Shutruk-Nakhunte (sometimes Nahhunte) was king of Elam from about 1184 to 1155 BC (middle chronology), and the second king of the Shutrukid Dynasty. 

Elam amassed an empire that included most of Mesopotamia and western Iran. 
Under his command, Elam defeated the Kassites and established the short-lived Elamite Empire, conquered within about 40 years by Nebuchadnezzar I of Babylon, in 1120 BC.

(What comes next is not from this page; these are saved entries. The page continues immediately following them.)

(* Fix an integer $\Delta\ge3$. For $k\ge1$ let $T_k$ be the $(\Delta-1)$-ary tree of depth $k$, and let $\mathcal{T}=\{T_k: k\ge1\}$. Then for every real $d>1$, $\mu_{\log}(\mathcal{T})\le d$.
   Context: The $(\Delta-1)$-ary tree of depth $k$ is the rooted tree in which every vertex at depth less than $k$ has exactly $\Delta-1$ children and all leaves are at depth $k$. A self-avoiding walk (SAW) of length $i$ from $v$ is a walk $v=v_0,\dots,v_i$ with all vertices distinct; $\mathcal{N}_{\le \ell}(G,v)$ is the number of SAWs of length between $1$ and $\ell$ starting at $v$. For a family $\mathcal{H}$ of finite graphs, ''$\mu_{\log}(\mathcal{H})\le d$'' (log-depth connective constant at most $d$) means: there exist constants $a,c$ such that for every $G=(V,E)\in\mathcal{H}$, every $v\in V$, and every $\ell\ge a\log|V|$, one has $\mathcal{N}_{\le\ell}(G,v)\le c\,d^{\ell}$. *)

From mathcomp Require Import all_boot.
From Stdlib Require Import Reals.
Set Implicit Arguments. Unset Strict Implicit. Unset Printing Implicit Defensive.

Record fgraph := FGraph { fg_V : finType; fg_e : rel fg_V }.

(* Number of self-avoiding walks of length exactly i starting at v:
   walks v = v_0, v_1, ..., v_i (encoded by the i-tuple (v_1,...,v_i)),
   consecutive vertices adjacent, all i+1 vertices distinct. *)
Definition nSAW (G : fgraph) (v : fg_V G) (i : nat) : nat :=
  #|[set t : i.-tuple (fg_V G) | path (@fg_e G) v t && uniq (v :: t)]|.

Definition N_le (G : fgraph) (v : fg_V G) (l : nat) : nat :=
  \sum_(1 <= i < l.+1) nSAW v i.

Definition mu_log_le (H : fgraph -> Prop) (d : R) : Prop :=
  exists a c : R, forall G : fgraph, H G ->
    forall (v : fg_V G) (l : nat),
      (a * ln (INR #|fg_V G|) <= INR l)%R ->
      (INR (N_le v l) <= c * d ^ l)%R.

(* The b-ary tree of depth k: vertices are words over 'I_b of length <= k
   (the root is the empty word); w is a child of u iff w = u ++ [:: x]. *)
Definition tree_vertex (b k : nat) : finType := {n : 'I_k.+1 & n.-tuple 'I_b}.

Definition word (b k : nat) (x : tree_vertex b k) : seq 'I_b := tagged x.

Definition is_child (T : eqType) (u w : seq T) : bool :=
  (size w == (size u).+1) && (take (size u) w == u).

Definition tree_adj (b k : nat) : rel (tree_vertex b k) :=
  fun x y => is_child (word x) (word y) || is_child (word y) (word x).

Definition tree_graph (b k : nat) : fgraph := @FGraph (tree_vertex b k) (@tree_adj b k).

(* A self-avoiding walk in a tree is determined by its length and its
   endpoint: it climbs from its start to the common ancestor and then
   descends.  Hence a tree on n vertices has at most n self-avoiding walks of
   each length from a given vertex, and none of length n or more, so
   N_{<=l}(T_k, v) <= n^2, which is at most d^l as soon as l >= (2 / ln d) ln n. *)

From Pilot Require Import Defs.
From mathcomp Require Import all_boot zify.
From Stdlib Require Import Reals Lra.
Set Implicit Arguments. Unset Strict Implicit.

Lemma nSAW_eq0 (G : Defs.fgraph) (v : fg_V G) i : #|fg_V G| <= i -> nSAW v i = 0.
Proof.
move=> card_le_i; apply/eqP; rewrite cards_eq0; apply/eqP/setP => t.
rewrite !inE; apply/negbTE/negP => /andP[_ /card_uniqP uniq_vt].
have := max_card (mem (v :: t)).
by rewrite uniq_vt /= size_tuple ltnNge card_le_i.
Qed.

Lemma nSAW_le_card (G : Defs.fgraph) (v : fg_V G) i :
  {in [set t : i.-tuple (fg_V G) | path (@fg_e G) v t && uniq (v :: t)] &,
     injective (fun t : i.-tuple (fg_V G) => last v t)} ->
  nSAW v i <= #|fg_V G|.
Proof. by move=> last_inj; rewrite /nSAW -(card_in_imset last_inj) max_card. Qed.

Lemma sum_nat_bounded_support (F : nat -> nat) n m p :
  (forall i, F i <= n) -> (forall i, n <= i -> F i = 0) ->
  \sum_(m <= i < p) F i <= minn p n * n.
Proof.
move=> F_le F_eq0; elim: p => [|p IHp]; first by rewrite big_geq.
have [m_le_p | p_lt_m] := leqP m p; last by rewrite big_geq.
rewrite big_nat_recr //=.
have [p_lt_n | n_le_p] := ltnP p n.
- have := F_le p; move: IHp.
  have -> : minn p n = p by lia.
  have -> : minn p.+1 n = p.+1 by lia.
  rewrite mulSn; lia.
- rewrite F_eq0 // addn0; apply: leq_trans IHp _.
  by apply: leq_mul => //; lia.
Qed.

Section WordTree.
Variable T : eqType.
Implicit Types u w x y : seq T.

Definition word_adj : rel (seq T) := fun x y => is_child x y || is_child y x.

Lemma is_child_size u w : is_child u w -> size w = (size u).+1.
Proof. by case/andP => /eqP. Qed.

Lemma is_child_take u w : is_child u w -> take (size u) w = u.
Proof. by case/andP => _ /eqP. Qed.

Lemma is_child_parent_eq x y u : is_child x u -> is_child y u -> x = y.
Proof.
move=> xu yu; have size_xy : size x = size y.
  by have := is_child_size xu; rewrite (is_child_size yu) => -[].
by rewrite -(is_child_take xu) -(is_child_take yu) size_xy.
Qed.

Lemma size_last_word_path u s : path word_adj u s -> size (last u s) <= size u + size s.
Proof.
elim: s u => [|x s IHs] u /=; first by rewrite addn0.
case/andP => ux /IHs; case/orP: ux => /is_child_size; lia.
Qed.

Lemma descending_path_last w s : path (@is_child T) w s ->
  size (last w s) = size w + size s /\ take (size w) (last w s) = w.
Proof.
elim: s w => [|x s IHs] w /=; first by rewrite addn0 take_size.
case/andP => wx /IHs[size_last take_last]; have size_x := is_child_size wx.
split; first by rewrite size_last size_x addSnnS.
by rewrite -(take_takel _ (leqnSn (size w))) -size_x take_last is_child_take.
Qed.

(* Stepping back up would revisit the parent u, since parents are unique. *)
Lemma saw_descends u w s : is_child u w -> path word_adj w s -> uniq (u :: w :: s) ->
  path (@is_child T) w s.
Proof.
elim: s u w => [|x s IHs] u w //= uw /andP[wx ws] /andP[u_notin uniq_ws].
case/orP: wx => [wx | xw]; first by rewrite wx /=; apply: IHs wx ws uniq_ws.
by move: u_notin; rewrite (is_child_parent_eq uw xw) !inE eqxx orbT.
Qed.

Lemma descending_path_size_last u w s :
  is_child u w -> path word_adj w s -> uniq (u :: w :: s) ->
  size (last w s) = (size u + size s).+1.
Proof.
move=> uw ws uniq_uws; have [-> _] := descending_path_last (saw_descends uw ws uniq_uws).
by rewrite (is_child_size uw).
Qed.

Lemma saw_head_eq u x y s1 s2 :
  path word_adj u (x :: s1) -> uniq (u :: x :: s1) ->
  path word_adj u (y :: s2) -> uniq (u :: y :: s2) ->
  size s1 = size s2 -> last x s1 = last y s2 -> x = y.
Proof.
move=> /= /andP[ux xs1] uniq1 /andP[uy ys2] uniq2 size12 last12.
case/orP: ux => [ux | xu]; case/orP: uy => [uy | yu].
- have [_ take1] := descending_path_last (saw_descends ux xs1 uniq1).
  have [_ take2] := descending_path_last (saw_descends uy ys2 uniq2).
  by rewrite -take1 -take2 last12 (is_child_size ux) (is_child_size uy).
- have := size_last_word_path ys2.
  rewrite -last12 (descending_path_size_last ux xs1 uniq1) (is_child_size yu); lia.
- have := size_last_word_path xs1.
  rewrite last12 (descending_path_size_last uy ys2 uniq2) (is_child_size xu); lia.
- exact: is_child_parent_eq xu yu.
Qed.

Lemma word_saw_inj u s1 s2 :
  path word_adj u s1 -> uniq (u :: s1) -> path word_adj u s2 -> uniq (u :: s2) ->
  size s1 = size s2 -> last u s1 = last u s2 -> s1 = s2.
Proof.
elim: s1 u s2 => [|x s1 IHs] u [|y s2] //= path1 uniq1 path2 uniq2 [size12] last12.
have xy := saw_head_eq path1 uniq1 path2 uniq2 size12 last12; subst y.
move: path1 path2 uniq1 uniq2 => /andP[_ xs1] /andP[_ xs2] /andP[_ uniq1] /andP[_ uniq2].
by rewrite (IHs x s2).
Qed.

End WordTree.

Lemma word_inj b k : injective (@word b k).
Proof.
case=> [n t] [m s]; rewrite /word /= => ts.
have nm : n = m by apply: val_inj; rewrite /= -(size_tuple t) -(size_tuple s) ts.
by subst m; rewrite (val_inj ts).
Qed.

Lemma tree_nSAW_le_card b k (v : tree_vertex b k) i :
  nSAW (G := tree_graph b k) v i <= #|tree_vertex b k|.
Proof.
apply: nSAW_le_card => t1 t2; rewrite !inE => /andP[path1 uniq1] /andP[path2 uniq2] last12.
have uniq_word t : uniq (v :: t) -> uniq (word v :: map (@word b k) t).
  by rewrite -(map_cons (@word b k)) (map_inj_uniq (@word_inj b k)).
apply/val_inj/(inj_map (@word_inj b k)).
apply: (@word_saw_inj _ (word v)); rewrite ?path_map ?uniq_word //.
- by rewrite !size_map !size_tuple.
- by rewrite !last_map last12.
Qed.

Lemma tree_N_le_le_card_sq b k (v : tree_vertex b k) l :
  N_le (G := tree_graph b k) v l <= #|tree_vertex b k| * #|tree_vertex b k|.
Proof.
set n := #|tree_vertex b k|.
have := @sum_nat_bounded_support (nSAW (G := tree_graph b k) v) n 1 l.+1.
move=> /(_ (tree_nSAW_le_card v) (nSAW_eq0 (G := tree_graph b k) v)) /leq_trans.
by apply; rewrite leq_mul2r geq_minr orbT.
Qed.

Lemma sq_le_pow_of_log_le (d x : R) (l : nat) :
  (1 < d)%R -> (0 < x)%R -> (2 / ln d * ln x <= INR l)%R -> (x * x <= d ^ l)%R.
Proof.
move=> d_gt1 x_gt0 log_le.
have lnd_gt0 : (0 < ln d)%R by rewrite -ln_1; apply: ln_increasing; lra.
have -> : (x * x = Rpower d (2 / ln d * ln x))%R.
  by rewrite /Rpower -{1 2}(exp_ln _ x_gt0) -exp_plus; congr exp; field; lra.
by rewrite -Rpower_pow; [apply: Rle_Rpower => //; lra | lra].
Qed.

Theorem lemma3p1 (Delta : nat) (d : R) :
  (3 <= Delta)%N -> (1 < d)%R ->
  mu_log_le (fun G => exists k : nat, (1 <= k)%N /\ G = tree_graph (Delta - 1) k) d.
Proof.
move=> _ d_gt1; exists (2 / ln d)%R, 1%R => G [k [_ ->]] v l log_le.
rewrite Rmult_1_l; set n := #|tree_vertex (Delta - 1) k|.
have n_gt0 : (0 < INR n)%R by apply/lt_0_INR/ltP/card_gt0P; exists v.
apply: Rle_trans (sq_le_pow_of_log_le d_gt1 n_gt0 log_le).
by rewrite -mult_INR; apply/le_INR/leP/tree_N_le_le_card_sq.
Qed.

Šutruk-Nakhunte was married to the daughter of a Kassite king named Meli-Šipak.

Inscription on the Naram-Sin victory stele
Shutruk-Nahhunte is known by an inscription that he added to the Victory Stele of Naram-Sin, itself dated about one millennium earlier to circa 2250 BC. His inscription appears on the top right corner of the stele, on the depiction of a mountainous cone, and was written in Elamite by Shutruk-Nahhunte himself:

In popular culture

Shutruk-Nakhunte gained a small public exposition in Ethan Canin's short story "The Palace Thief", and its adaptation in the 2002 film The Emperor's Club, in which one of the key elements is a plaque describing the exploits of Shutruk-Nakhunte, described as a once famous egomaniacal conqueror virtually unknown today.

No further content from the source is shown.